Сатакэ Акихиро делает вывод, что в кёгэн "ямабуси являются объектом постоянного высмеивания"[7]. Далее он замечает: «В Кани Ямабуси именно молитвы ямабуси, которые должны принести освобождение из его клешней, приводят к кризисному состоянию из–за его "чудесных сил", ввергая в те самые клешни. А в Кусабира ямабуси в ужасе бежит от грибов, которые вырастают тем большими, чем больше он молится об их исчезновении»[8]. В некоторых случаях ученые смогли точно определить текст, пародируемый определенным кёгэн. Тагути Кадзуо видит Кусабира, как очевидный и прямой пасквиль на события и ценности, выраженные в эпизоде из Сясэки–сю, собрания буддийских историй тринадцатого века[9]. Материалы, исходно предназначенные для того, чтобы пробуждать веру в экстраординарные способности ямабуси — поскольку он понимает путь буддийской Дхармы — использовались в кёгэн для построения ситуаций, в которых такая вера не ведет ни к чему, кроме фиаско.
Однако, в этой форме драмы предметом насмешек является не только благочестие. Претенциозность господ и правителей так же становится объектом насмешек и подтрунивания. Кажется, все, что облечено официальной властью — система ли буддийских верований и ее священство, либо высокий социальный статус даймё и прочих господ — все в этой театральной форме принижается. Вполне понятно, что это сильно воодушевляло критиков и историков марксистского толка, или приверженцев социалистического реализма. В этом ракурсе интерпретаций кёгэн превращался в раннюю форму пролетарской литературы, в прорыв периода Муромати очевидной необходимости и ценности классовой борьбы. Для таких критиков кёгэн гораздо более привлекателен, чем Но, официально утвержденный классический японский театр.

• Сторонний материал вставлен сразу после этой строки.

(* Let $\Psi=(\psi_{ij})$ and $\Phi=(\phi_{ij})$ be orthogonal quantum Latin squares of order $6$ in standard form. If some entry $\psi_{ij}$ has weight $3$, then every entry $\phi_{kj}$, $k=1,\dots,6$, of the $j$-th column of $\Phi$ has weight $1$ or $2$.
   Context: A quantum Latin square (QLS) of order $n$ is an $n\times n$ matrix $\Psi=(\psi_{ij})_{1\le i,j\le n}$ whose entries are unit vectors in $\mathbb C^n$ such that the entries of each row and the entries of each column form an orthonormal basis of $\mathbb C^n$. Two QLS $\Psi=(\psi_{ij})$ and $\Phi=(\phi_{ij})$ of order $n$ are orthogonal if $\{\psi_{ij}\otimes\phi_{ij}: 1\le i,j\le n\}$ is an orthonormal basis of $\mathbb C^n\otimes\mathbb C^n$. Fix the standard orthonormal basis $\ket{1},\dots,\ket{n}$ of $\mathbb C^n$. The support of a vector $v$ is $\{k:\braket{k}{v}\neq 0\}$ and its weight is the size of its support. A pair $\Psi,\Phi$ is in standard form if $\psi_{1j}=\phi_{1j}=\ket{j}$ for all $j=1,\dots,n$. *)

From HB Require Import structures.
From mathcomp Require Import all_boot all_order all_algebra.
From mathcomp Require Import complex.
From mathcomp Require Import reals.
Set Implicit Arguments. Unset Strict Implicit. Unset Printing Implicit Defensive.
Import Order.TTheory GRing.Theory Num.Theory.
Local Open Scope ring_scope.

Section QLS.
Variable R : realType.
Local Notation C := (R[i]).

Definition cdot (I : finType) (u v : I -> C) : C :=
  \sum_(k : I) (u k)^* * v k.

Definition orthonormal (I J : finType) (f : J -> I -> C) : Prop :=
  forall a b : J, cdot (f a) (f b) = (a == b)%:R.

Definition is_onb (I J : finType) (f : J -> I -> C) : Prop :=
  #|J| = #|I| /\ orthonormal f.

(* vectors of C^n, coordinates indexed by 'I_n (standard basis |1>..|n>
   corresponds to indices 0..n-1) *)
Definition cvec (n : nat) := 'I_n -> C.

Definition ket (n : nat) (j : 'I_n) : cvec n := fun k => (k == j)%:R.

Definition tensor (n : nat) (u v : cvec n) : 'I_n * 'I_n -> C :=
  fun p => u p.1 * v p.2.

Definition support (n : nat) (v : cvec n) : {set 'I_n} := [set k | v k != 0].
Definition weight (n : nat) (v : cvec n) : nat := #|support v|.

Definition QLS (n : nat) (Psi : 'I_n -> 'I_n -> cvec n) : Prop :=
  (forall i, is_onb (fun j => Psi i j)) /\ (forall j, is_onb (fun i => Psi i j)).

Definition orthogonal_QLS (n : nat) (Psi Phi : 'I_n -> 'I_n -> cvec n) : Prop :=
  is_onb (fun p : 'I_n * 'I_n => tensor (Psi p.1 p.2) (Phi p.1 p.2)).

Definition standard_form (n : nat) (Psi Phi : 'I_(n.+1) -> 'I_(n.+1) -> cvec n.+1) : Prop :=
  forall j, Psi ord0 j = ket j /\ Phi ord0 j = ket j.

End QLS.

(* In standard form the first rows of Psi and Phi are |1>, ..., |6>.  Hence in column j
   every other entry of Psi and of Phi is orthogonal to |j>, and orthogonality of
   psi_aj (x) phi_aj to |m> (x) |m> forces psi_aj and phi_aj to have disjoint supports.
   Deleting the first row and the coordinate j thus leaves two 5x5 unitary matrices U and V
   with disjoint supports and the same row weights.  The support pattern of a unitary
   matrix satisfies Hall's condition on rows and on columns, and no two of its rows (or
   columns) meet in exactly one position, since they are orthogonal.  An exhaustive
   backtracking search shows that no two disjoint 5x5 patterns with these properties have a
   row of weight 3 in the first and a row of weight at least 3 in the second. *)

From Pilot Require Import Defs.
From HB Require Import structures.
From mathcomp Require Import all_boot all_order all_algebra.
From mathcomp Require Import complex.
From mathcomp Require Import reals.
From mathcomp Require Import fingroup perm.
Set Implicit Arguments. Unset Strict Implicit. Unset Printing Implicit Defensive.
Import Order.TTheory GRing.Theory Num.Theory.

Fixpoint bitseqs (n : nat) : seq bitseq :=
  if n is n'.+1 then [seq b :: s | b <- [:: false; true], s <- bitseqs n'] else [:: [::]].

Lemma mem_bitseqs n s : (s \in bitseqs n) = (size s == n).
Proof.
elim: n s => [|n IHn] s; first by case: s.
have -> : bitseqs n.+1 = [seq b :: s | b <- [:: false; true], s <- bitseqs n] by [].
apply/allpairsP/idP => [[[b s'] [_ /= s'_in ->]]|]; first by rewrite eqSS -IHn.
by case: s => // b s; rewrite eqSS -IHn => s_in; exists (b, s); case: b.
Qed.

Lemma count_iota_card n (p : pred nat) : count p (iota 0 n) = #|[pred i : 'I_n | p i]|.
Proof. by rewrite -val_enum_ord count_map cardE enumT size_filter. Qed.

Lemma has_iota_exists n (p : pred nat) : has p (iota 0 n) = [exists i : 'I_n, p i].
Proof. by rewrite has_count count_iota_card; apply/card_gt0P/existsP => -[x]; exists x. Qed.

(* Patterns are indexed by [nat] rather than by ordinals so that the conditions below
   compute in the VM. *)
Definition pattern_of (rows : seq bitseq) (r m : nat) : bool := nth false (nth [::] rows r) m.

Definition tr_pattern (P : nat -> nat -> bool) : nat -> nat -> bool := fun m r => P r m.

Section PatternConditions.
Variables (n : nat) (P : nat -> nat -> bool).

Definition no_single_overlap :=
  all (fun r1 => all (fun r2 => (r1 != r2) ==>
    (count (fun m => P r1 m && P r2 m) (iota 0 n) != 1)) (iota 0 n)) (iota 0 n).

Definition hall :=
  all (fun s => count (nth false s) (iota 0 n) <=
     count (fun m => has (fun r => nth false s r && P r m) (iota 0 n)) (iota 0 n))
    (bitseqs n).

Lemma no_single_overlap_card :
  (forall r1 r2 : 'I_n, r1 != r2 -> #|[pred m : 'I_n | P r1 m && P r2 m]| != 1) ->
  no_single_overlap.
Proof.
move=> single; apply/allP => r1; rewrite mem_iota => r1n; apply/allP => r2.
rewrite mem_iota => r2n; apply/implyP => r12; rewrite count_iota_card.
by apply: (single (Ordinal r1n) (Ordinal r2n)).
Qed.

Lemma hall_card :
  (forall S : {set 'I_n}, #|S| <= #|[pred m : 'I_n | [exists r in S, P r m]]|) -> hall.
Proof.
move=> hallS; apply/allP => s _; rewrite !count_iota_card.
have := hallS [set r : 'I_n | nth false s r]; rewrite cardsE.
congr (_ <= _); apply: eq_card => m; rewrite !inE has_iota_exists.
by apply: eq_existsb => r; rewrite inE.
Qed.

End PatternConditions.

Definition unitary_pattern n P :=
  [&& no_single_overlap n P, no_single_overlap n (tr_pattern P),
      hall n P & hall n (tr_pattern P)].

Section Backtrack.
Variables (T : eqType) (cand : nat -> seq T) (ok : rel T) (leaf : seq T -> bool).

(* [if] rather than [==>]: the VM evaluates both arguments of [implb], so only [if] prunes. *)
Fixpoint backtrack (k : nat) (pre : seq T) : bool :=
  if k is k'.+1 then
    all (fun c => if all (ok^~ c) pre then backtrack k' (rcons pre c) else true)
      (cand (size pre))
  else leaf pre.

Lemma backtrack_cat x0 pre s :
  backtrack (size s) pre -> pairwise ok (pre ++ s) ->
  (forall i, i < size s -> nth x0 s i \in cand (size pre + i)) -> leaf (pre ++ s).
Proof.
elim: s pre => [|c s IHs] pre /=; first by rewrite cats0.
move=> /allP search pw s_cand; rewrite -cat_rcons.
have c_cand : c \in cand (size pre) by have := s_cand 0; rewrite addn0; apply.
have c_ok : all (ok^~ c) pre.
  by move: pw; rewrite pairwise_cat allrel_consr => /andP[/andP[]].
apply: IHs; first by have := search c c_cand; rewrite c_ok.
  by rewrite cat_rcons.
by move=> i lt_i; rewrite size_rcons addSnnS; apply: (s_cand i.+1).
Qed.

Lemma backtrackP x0 s :
  backtrack (size s) [::] -> pairwise ok s ->
  (forall i, i < size s -> nth x0 s i \in cand i) -> leaf s.
Proof. exact: (@backtrack_cat x0 [::] s). Qed.

End Backtrack.

Lemma perm_two_points (T : finType) (x0 x1 y0 y1 : T) :
  x0 != x1 -> y0 != y1 -> exists s : {perm T}, s x0 = y0 /\ s x1 = y1.
Proof.
move=> x01 y01; pose p := tperm x0 y0.
have px1 : p x1 != y0 by rewrite -[y0](tpermL x0 y0) (inj_eq perm_inj) eq_sym.
exists (p * tperm (p x1) y1)%g; rewrite !permM; split; last exact: tpermL.
by rewrite tpermL tpermD // eq_sym.
Qed.

Definition row_weight (a : bitseq) := count (nth false a) (iota 0 5).

Definition row_overlap (a b : bitseq) :=
  count (fun m => nth false a m && nth false b m) (iota 0 5).

Definition disjoint_row_pairs : seq (bitseq * bitseq) :=
  [seq ab <- [seq (a, b) | a <- bitseqs 5, b <- bitseqs 5] |
     [&& row_overlap ab.1 ab.2 == 0, 0 < row_weight ab.1 & 0 < row_weight ab.2]].

Definition candidates (rows : seq (bitseq * bitseq)) (i : nat) :=
  if i is 0 then [seq ab <- rows | row_weight ab.1 == 3]
  else if i is 1 then [seq ab <- rows | 3 <= row_weight ab.2] else rows.

Definition compatible (ab cd : bitseq * bitseq) :=
  (row_overlap ab.1 cd.1 != 1) && (row_overlap ab.2 cd.2 != 1).

(* Row overlaps are already checked during the search; the cheap column test goes first. *)
Definition not_unitary_pair (s : seq (bitseq * bitseq)) :=
  let A := pattern_of (unzip1 s) in let B := pattern_of (unzip2 s) in
  if no_single_overlap 5 (tr_pattern A) && no_single_overlap 5 (tr_pattern B) then
    ~~ [&& hall 5 A, hall 5 (tr_pattern A), hall 5 B & hall 5 (tr_pattern B)]
  else true.

(* [rows] is let-bound so that the VM computes it only once. *)
Lemma disjoint_pattern_search : let rows := disjoint_row_pairs in
  backtrack (candidates rows) compatible not_unitary_pair 5 [::].
Proof. by vm_compute. Qed.

Lemma no_disjoint_unitary_patterns (A B : seq bitseq) :
  size A = 5 -> size B = 5 -> {in A ++ B, forall a, size a = 5} ->
  unitary_pattern 5 (pattern_of A) -> unitary_pattern 5 (pattern_of B) ->
  (forall r, r < 5 -> [&& row_overlap (nth [::] A r) (nth [::] B r) == 0,
     0 < row_weight (nth [::] A r) & 0 < row_weight (nth [::] B r)]) ->
  row_weight (nth [::] A 0) = 3 -> 3 <= row_weight (nth [::] B 1) -> False.
Proof.
move=> szA szB szAB uA uB AB_rows wA0 wB1.
have /and4P[nsoA nsoAt hA hAt] := uA; have /and4P[nsoB nsoBt hB hBt] := uB.
pose x0 : bitseq * bitseq := ([::], [::]); pose s := zip A B.
have sz_s : size s = 5 by rewrite size_zip szA szB.
have nth_s i : nth x0 s i = (nth [::] A i, nth [::] B i) by rewrite nth_zip ?szA ?szB.
have : not_unitary_pair s.
  apply: (@backtrackP _ (candidates disjoint_row_pairs) compatible not_unitary_pair x0 s).
  - by rewrite sz_s; exact: disjoint_pattern_search.
  - apply/(pairwiseP x0) => i j; rewrite !inE sz_s => i5 j5 lt_ij; rewrite !nth_s.
    have mem_i5 k : k < 5 -> k \in iota 0 5 by rewrite mem_iota.
    have ne_ij : i != j by rewrite ltn_eqF.
    apply/andP; split.
    + by move/allP/(_ i (mem_i5 i i5))/allP/(_ j (mem_i5 j j5))/implyP: nsoA; apply.
    + by move/allP/(_ i (mem_i5 i i5))/allP/(_ j (mem_i5 j j5))/implyP: nsoB; apply.
  - move=> i; rewrite sz_s nth_s => i5.
    have row_i : (nth [::] A i, nth [::] B i) \in disjoint_row_pairs.
      rewrite mem_filter AB_rows // allpairs_f // mem_bitseqs szAB //.
      by rewrite mem_cat mem_nth ?szA.
    by rewrite mem_cat mem_nth ?szB ?orbT.
    by case: i i5 row_i => [|[|i]] _ row_i //; rewrite mem_filter row_i ?wA0 ?wB1.
rewrite /not_unitary_pair unzip1_zip ?unzip2_zip ?szA ?szB //.
by rewrite nsoAt nsoBt hA hAt hB hBt.
Qed.

Section Unitary.
Variable R : realType.
Local Notation C := R[i].
Local Open Scope ring_scope.

Lemma orthonormal_tr n (U : 'I_n -> 'I_n -> C) :
  Defs.orthonormal U -> Defs.orthonormal (fun m r => U r m).
Proof.
move=> onU m1 m2.
pose L := \matrix_(r, m) (U r m)^*; pose M := \matrix_(m, r) U r m.
have LM : L *m M = 1%:M.
  by apply/matrixP => r1 r2; rewrite !mxE -onU; apply: eq_bigr => m _; rewrite !mxE.
move/matrixP: (mulmx1C LM) => /(_ m2 m1); rewrite !mxE eq_sym => <-.
by apply: eq_bigr => r _; rewrite !mxE mulrC.
Qed.

Lemma weight_gt0 n (v : cvec R n) : cdot v v = 1 -> (0 < weight v)%N.
Proof.
move=> vv; rewrite /weight card_gt0; apply: contra_eqN vv => /eqP/setP supp0.
rewrite /cdot big1 ?(eq_sym 0) ?oner_eq0 // => k _.
by have := supp0 k; rewrite !inE => /negbT; rewrite negbK => /eqP ->; rewrite mulr0.
Qed.

Lemma orthogonal_overlap_neq1 (I : finType) (u v : I -> C) :
  cdot u v = 0 -> #|[pred m | (u m != 0) && (v m != 0)]| != 1%N.
Proof.
move=> uv; apply/negP => /card1P[m0 supp].
move: uv; rewrite /cdot (bigD1 m0) //= big1 ?addr0 => [/eqP|m /negbTE m_ne].
  have := supp m0; rewrite !inE eqxx => /andP[um0 vm0].
  by rewrite mulf_eq0 conjC_eq0 (negbTE um0) (negbTE vm0).
have := supp m; rewrite !inE m_ne => /negbT; rewrite negb_and !negbK.
by case/orP => /eqP ->; rewrite ?conjC0 ?mul0r ?mulr0.
Qed.

Lemma orthonormal_hall (I J : finType) (U : J -> I -> C) :
  Defs.orthonormal U -> Defs.orthonormal (fun m r => U r m) ->
  forall S : {set J}, (#|S| <= #|[pred m | [exists r in S, U r m != 0%R]]|)%N.
Proof.
(* Sum |U r m|^2 over r in S and m in the neighbourhood N of S: row norms give #|S|,
   column norms bound it by #|N|. *)
move=> onU onUt S; set N := [pred m | _].
pose t r m := (U r m)^* * U r m.
have t_ge0 r m : 0 <= t r m by rewrite /t mulrC mul_conjC_ge0.
have cardS : #|S|%:R = \sum_(r in S) \sum_(m in N) t r m :> C.
  rewrite -sumr_const; apply: eq_bigr => r r_S.
  have := onU r r; rewrite eqxx mulr1n => <-.
  rewrite /cdot (bigID [in N]) /= [X in _ + X]big1 ?addr0 // => m m_N.
  suff -> : U r m = 0 by rewrite mulr0.
  by apply/eqP; apply: contraNT m_N => Urm; apply/existsP; exists r; rewrite r_S.
rewrite -(ler_nat C) cardS exchange_big /= -sumr_const; apply: ler_sum => m _.
have := onUt m m; rewrite eqxx mulr1n => <-.
rewrite /cdot [X in _ <= X](bigID [in S]) /= lerDl.
by apply: sumr_ge0 => r _; exact: t_ge0.
Qed.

Многие пьесы кёгэн, в виде примеров японской пролетарский литературы, были сразу переведены на современный китайский язык. Этим прежде всего занимался Чжоу Цзожэнь (1885–1966), брат Лу Шуня, интенсивно исследовавший японскую литературу. Относительно значения кёгэн Чжоу писал:
Кёгэн описывал несправедливость и глупость, царившие в обществе, народным языком своих дней. Появляющиеся в нем даймё — все темные люди, а большинство буддийских священников коррумпированы, так что оба типа изображены нелепыми в глазах своих подчиненных и слуг. Даже демоны и божества являются обычными объектами насмешек. В этом кёгэн совершенно отличается от Но. В нем сочувственно изображается сопротивление авторитарности правителей; это — основное течение комической литературы масс[10].
В соответствии с этой интерпретацией кёгэн выражает ту степень, до которой лица из политически, или социально угнетенных слоев поднимались над претенциозностью своих господ и осознавали общественную несправедливость.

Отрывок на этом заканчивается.